● **Requirement**
Use the entries below and reproduce exactly the lines from the one containing "(data : 'I_L -> config S N) (i" down to the one containing "Definition pseudologlik (R", both of them included.

Saved entries
(* Let $S$ be a discrete set, $N\ge 1$, and let $\{P_\theta\}_{\theta}$ be a family of probability distributions on $S^N$. Let $s^1,\dots,s^L\in S^N$ be any $L$ data points, with empirical distribution $\hat P_L(s)=\frac1L\sum_{\mu=1}^L\delta_{s,s^\mu}$. For each $i\in\{1,\dots,N\}$ define the Shannon entropy of the empirical marginal $$H_i(\hat P_L)=-\sum_{s_{-i}}\hat P_L(s_{-i})\ln \hat P_L(s_{-i}),\qquad \hat P_L(s_{-i})=\sum_{s_i}\hat P_L(s).$$ Then for every parameter $\theta$, $$\mathcal{PL}_L(\theta)-\sum_{i=1}^N H_i(\hat P_L)\;\ge\; N\,\mathcal{L}_L(\theta),$$ where $\mathcal{L}_L(\theta)=\frac1L\sum_{\mu=1}^L\log P_\theta(s^\mu)$ and $\mathcal{PL}_L(\theta)=\frac1L\sum_{\mu=1}^L\sum_{i=1}^N\log P_\theta(s^\mu_i\mid s^\mu_{-i})$.
   Context: For $s=(s_1,\dots,s_N)$ write $s_{-i}=(s_1,\dots,s_{i-1},s_{i+1},\dots,s_N)$. The conditional distribution is $P_\theta(s_i\mid s_{-i})=P_\theta(s)/\sum_{s_i}P_\theta(s)$ (assumed well defined, i.e. the marginals $P_\theta(s_{-i})=\sum_{s_i}P_\theta(s)$ are positive where needed); $\log=\ln$ is the natural logarithm, with the convention $\log 0=-\infty$ and $0\log 0=0$. $\delta_{s,s^\mu}$ is the Kronecker delta. $\mathcal{L}_L$ is the (normalised) log-likelihood and $\mathcal{PL}_L$ the pseudo-log-likelihood. *)

From HB Require Import structures.
From mathcomp Require Import all_boot all_order all_algebra.
From mathcomp Require Import all_classical all_reals all_analysis.
Set Implicit Arguments. Unset Strict Implicit. Unset Printing Implicit Defensive.
Import Order.TTheory GRing.Theory Num.Theory.
Local Open Scope ring_scope.

Definition config (S : finType) (N : nat) := {ffun 'I_N -> S}.

Definition rconfig (S : finType) (N : nat) (i : 'I_N) :=
  {ffun {j : 'I_N | j != i} -> S}.

Definition rest (S : finType) (N : nat) (i : 'I_N) (s : config S N)
  : rconfig S i := [ffun j => s (val j)].

Definition marg (R : realType) (S : finType) (N : nat) (i : 'I_N)
  (P : config S N -> R) (r : rconfig S i) : R :=
  \sum_(s : config S N | rest i s == r) P s.

Definition condP (R : realType) (S : finType) (N : nat) (i : 'I_N)
  (P : config S N -> R) (s : config S N) : R :=
  P s / @marg R S N i P (rest i s).

Definition elog (R : realType) (x : R) : \bar R :=
  if 0 < x then (ln x)%:E else -oo%E.

Definition xlnx (R : realType) (x : R) : R := if 0 < x then x * ln x else 0.

Definition empirical (R : realType) (S : finType) (N L : nat)
  (data : 'I_L -> config S N) (s : config S N) : R :=
  L%:R^-1 * \sum_(mu < L) (s == data mu)%:R.

Definition Hi (R : realType) (S : finType) (N L : nat)
  (data : 'I_L -> config S N) (i : 'I_N) : R :=
  - \sum_(r : rconfig S i) xlnx (@marg R S N i (empirical R data) r).

Definition loglik (R : realType) (S : finType) (N L : nat)
  (P : config S N -> R) (data : 'I_L -> config S N) : \bar R :=
  ((L%:R^-1 : R)%:E * \sum_(mu < L) elog (P (data mu)))%E.

Definition pseudologlik (R : realType) (S : finType) (N L : nat)
  (P : config S N -> R) (data : 'I_L -> config S N) : \bar R :=
  ((L%:R^-1 : R)%:E *
     \sum_(mu < L) \sum_(i < N) elog (@condP R S N i P (data mu)))%E.

(** The gap [PL - sum_i H_i - N L] splits, coordinate by coordinate, into
    [sum_{s_{-i}} Q_i ln Q_i - (1/L) sum_mu ln P_i(s^mu_{-i})], where [Q_i] and
    [P_i] are the empirical and the model marginals on [s_{-i}]; this is the
    relative entropy of [Q_i] with respect to [P_i], nonnegative by Gibbs'
    inequality.  If the model gives zero mass to a data point, the
    log-likelihood is [-oo] and there is nothing to prove. *)

From HB Require Import structures.
From mathcomp Require Import all_boot all_order all_algebra.
From mathcomp Require Import all_classical all_reals all_analysis.
From mathcomp Require Import ring lra.
Set Implicit Arguments. Unset Strict Implicit.
Import Order.TTheory GRing.Theory Num.Theory.
Local Open Scope ring_scope.

Section Gibbs.
Variable R : realType.

Lemma mul_ln_le_xlnx (q m : R) : 0 <= q -> 0 <= m -> (0 < q -> 0 < m) ->
  q * ln m <= xlnx q + m - q.
Proof.
move=> q0 m0 qm; rewrite /xlnx; case: ifPn => [qp|]; last first.
  rewrite -leNgt => qle; have -> : q = 0 by apply/le_anti/andP.
  by rewrite mul0r add0r subr0.
have mp := qm qp.
have ln_le : ln (m / q) <= m / q - 1.
  have := @le_ln1Dx R (m / q - 1); rewrite addrCA subrr addr0; apply.
  by rewrite ltrBrDl addrC addNr divr_gt0.
rewrite ln_div ?posrE // in ln_le.
have := ler_wpM2l (ltW qp) ln_le.
rewrite !mulrBr mulr1 mulrCA divff ?gt_eqF // mulr1; lra.
Qed.

Lemma gibbs_inequality (T : finType) (Q M : T -> R) :
  (forall t, 0 <= Q t) -> (forall t, 0 <= M t) ->
  (forall t, 0 < Q t -> 0 < M t) -> \sum_t M t <= \sum_t Q t ->
  \sum_t Q t * ln (M t) <= \sum_t xlnx (Q t).
Proof.
move=> Q0 M0 QM sumMQ.
apply: (@le_trans _ _ (\sum_t (xlnx (Q t) + M t - Q t))).
  by apply: ler_sum => t _; apply: mul_ln_le_xlnx (Q0 t) (M0 t) (QM t).
rewrite sumrB big_split /=; lra.
Qed.

End Gibbs.

Section Marginals.
Variables (R : realType) (S : finType) (N : nat) (i : 'I_N).

Lemma marg_ge0 (P : config S N -> R) r :
  (forall s, 0 <= P s) -> 0 <= @marg R S N i P r.
Proof. by move=> P0; rewrite /marg sumr_ge0. Qed.

Lemma sum_marg (P : config S N -> R) :
  \sum_(r : rconfig S i) @marg R S N i P r = \sum_(s : config S N) P s.
Proof. by rewrite (partition_big (rest i) xpredT). Qed.

End Marginals.

Section Empirical.
Variables (R : realType) (S : finType) (N L : nat).
Variable data : 'I_L -> config S N.

Lemma empirical_ge0 s : 0 <= empirical R data s.
Proof. by rewrite /empirical mulr_ge0 ?invr_ge0 // sumr_ge0. Qed.

Lemma sum_empirical : (0 < L)%N -> \sum_(s : config S N) empirical R data s = 1.
Proof.
move=> L_gt0; rewrite /empirical -big_distrr /= exchange_big /=.
rewrite (eq_bigr (fun _ => 1)) => [|mu _]; last first.
  by rewrite (bigD1 (data mu)) //= eqxx big1 ?addr0 // => s /negbTE ->.
by rewrite sumr_const card_ord mulVf // pnatr_eq0 -lt0n.
Qed.

Lemma marg_empirical (i : 'I_N) r :
  @marg R S N i (empirical R data) r =
  L%:R^-1 * \sum_(mu < L) (rest i (data mu) == r)%:R.
Proof.
rewrite /marg /empirical -big_distrr /= exchange_big /=; congr (_ * _).
apply: eq_bigr => mu _; rewrite big_mkcond (bigD1 (data mu)) //= eqxx.
rewrite big1 ?addr0 => [|s /negbTE ->]; by case: (_ == r).
Qed.

Lemma marg_empirical_gt0 (i : 'I_N) r :
  0 < @marg R S N i (empirical R data) r -> exists mu, rest i (data mu) = r.
Proof.
move=> Q_gt0; apply: contrapT => no_mu; move: Q_gt0.
rewrite marg_empirical big1 ?mulr0 ?ltxx // => mu _.
by case: eqP => // rest_mu; case: no_mu; exists mu.
Qed.

Lemma mean_rest_empirical (i : 'I_N) (f : rconfig S i -> R) :
  L%:R^-1 * \sum_(mu < L) f (rest i (data mu)) =
  \sum_(r : rconfig S i) @marg R S N i (empirical R data) r * f r.
Proof.
rewrite (partition_big (fun mu => rest i (data mu)) xpredT) //= big_distrr /=.
apply: eq_bigr => r _; rewrite marg_empirical -mulrA big_distrl /= big_mkcond.
by congr (_ * _); apply: eq_bigr => mu _; case: eqP => [->|_]; rewrite ?mul1r ?mul0r.
Qed.

Lemma mean_ln_marg_le_oppHi (P : config S N -> R) (i : 'I_N) :
  (0 < L)%N -> (forall s, 0 <= P s) -> \sum_s P s = 1 ->
  (forall mu, 0 < @marg R S N i P (rest i (data mu))) ->
  L%:R^-1 * \sum_(mu < L) ln (@marg R S N i P (rest i (data mu))) <=
  - Hi R data i.
Proof.
move=> L_gt0 P0 P1 Pdata.
rewrite (mean_rest_empirical (fun r => ln (@marg R S N i P r))) /Hi opprK.
apply: gibbs_inequality => [r|r|r /marg_empirical_gt0 [mu <-]|].
- exact/marg_ge0/empirical_ge0.
- exact: marg_ge0.
- exact: Pdata.
by rewrite !sum_marg P1 sum_empirical.
Qed.

End Empirical.

Section Likelihoods.
Variables (R : realType) (S : finType) (N L : nat).
Variables (P : config S N -> R) (data : 'I_L -> config S N).

Lemma loglik_fin : (forall mu, 0 < P (data mu)) ->
  loglik P data = (L%:R^-1 * \sum_(mu < L) ln (P (data mu)))%:E.
Proof.
move=> Pdata; rewrite /loglik EFinM -sumEFin.
by congr (_ * _)%E; apply: eq_bigr => mu _; rewrite /elog Pdata.
Qed.

Lemma pseudologlik_fin : (forall mu, 0 < P (data mu)) ->
  (forall mu i, 0 < @marg R S N i P (rest i (data mu))) ->
  pseudologlik P data =
  (N%:R * (L%:R^-1 * \sum_(mu < L) ln (P (data mu))) -
   \sum_(i < N) L%:R^-1 * \sum_(mu < L) ln (@marg R S N i P (rest i (data mu))))%:E.
Proof.
move=> Pdata Pmarg; rewrite /pseudologlik.
under eq_bigr => mu _ do under eq_bigr => i _ do
  rewrite /elog /condP divr_gt0 // ln_div ?posrE //.
under eq_bigr => mu _ do rewrite sumEFin.
rewrite sumEFin -EFinM; congr (_%:E).
under eq_bigr => mu _ do rewrite sumrB sumr_const card_ord -mulr_natl.
by rewrite sumrB -mulr_sumr exchange_big -mulr_sumr mulrBr mulrCA.
Qed.

Lemma loglik_eqNy mu : (0 < L)%N -> ~ 0 < P (data mu) -> loglik P data = -oo%E.
Proof.
move=> L_gt0 /negP Pmu; rewrite /loglik.
have -> : (\sum_(nu < L) elog (P (data nu)))%E = -oo%E.
  by apply/eqP; rewrite esum_eqNy; apply/existsP; exists mu; rewrite /elog (negbTE Pmu).
by rewrite gt0_muleNy // lte_fin invr_gt0 ltr0n.
Qed.

End Likelihoods.

Theorem mainTheorem1 (R : realType) (S : finType) (N L : nat)
  (Theta : Type) (P : Theta -> config S N -> R)
  (hN : (1 <= N)%N) (hL : (1 <= L)%N)
  (hP0 : forall th s, 0 <= P th s)
  (hP1 : forall th, \sum_(s : config S N) P th s = 1)
  (data : 'I_L -> config S N)
  (th : Theta)
  (hmarg : forall (mu : 'I_L) (i : 'I_N),
      0 < @marg R S N i (P th) (rest i (data mu))) :
  (pseudologlik (P th) data - (\sum_(i < N) Hi R data i)%:E
     >= (N%:R : R)%:E * loglik (P th) data)%E.
Proof.
have [Pdata|/existsNP [mu Pmu]] := pselect (forall mu, 0 < P th (data mu)).
  rewrite loglik_fin // pseudologlik_fin // -EFinM -EFinB lee_fin.
  have entropy_bound : \sum_(i < N) L%:R^-1 *
      \sum_(mu < L) ln (@marg R S N i (P th) (rest i (data mu))) <=
      - \sum_(i < N) Hi R data i.
    by rewrite -sumrN; apply: ler_sum => i _; apply: mean_ln_marg_le_oppHi.
  lra.
by rewrite (loglik_eqNy hL Pmu) gt0_muleNy ?leNye // lte_fin ltr0n.
Qed.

● **Written reply**
  (data : 'I_L -> config S N) (i : 'I_N) : R :=
  - \sum_(r : rconfig S i) xlnx (@marg R S N i (empirical R data) r).

Definition loglik (R : realType) (S : finType) (N L : nat)
  (P : config S N -> R) (data : 'I_L -> config S N) : \bar R :=
  ((L%:R^-1 : R)%:E * \sum_(mu < L) elog (P (data mu)))%E.

Definition pseudologlik (R : realType) (S : finType) (N L : nat)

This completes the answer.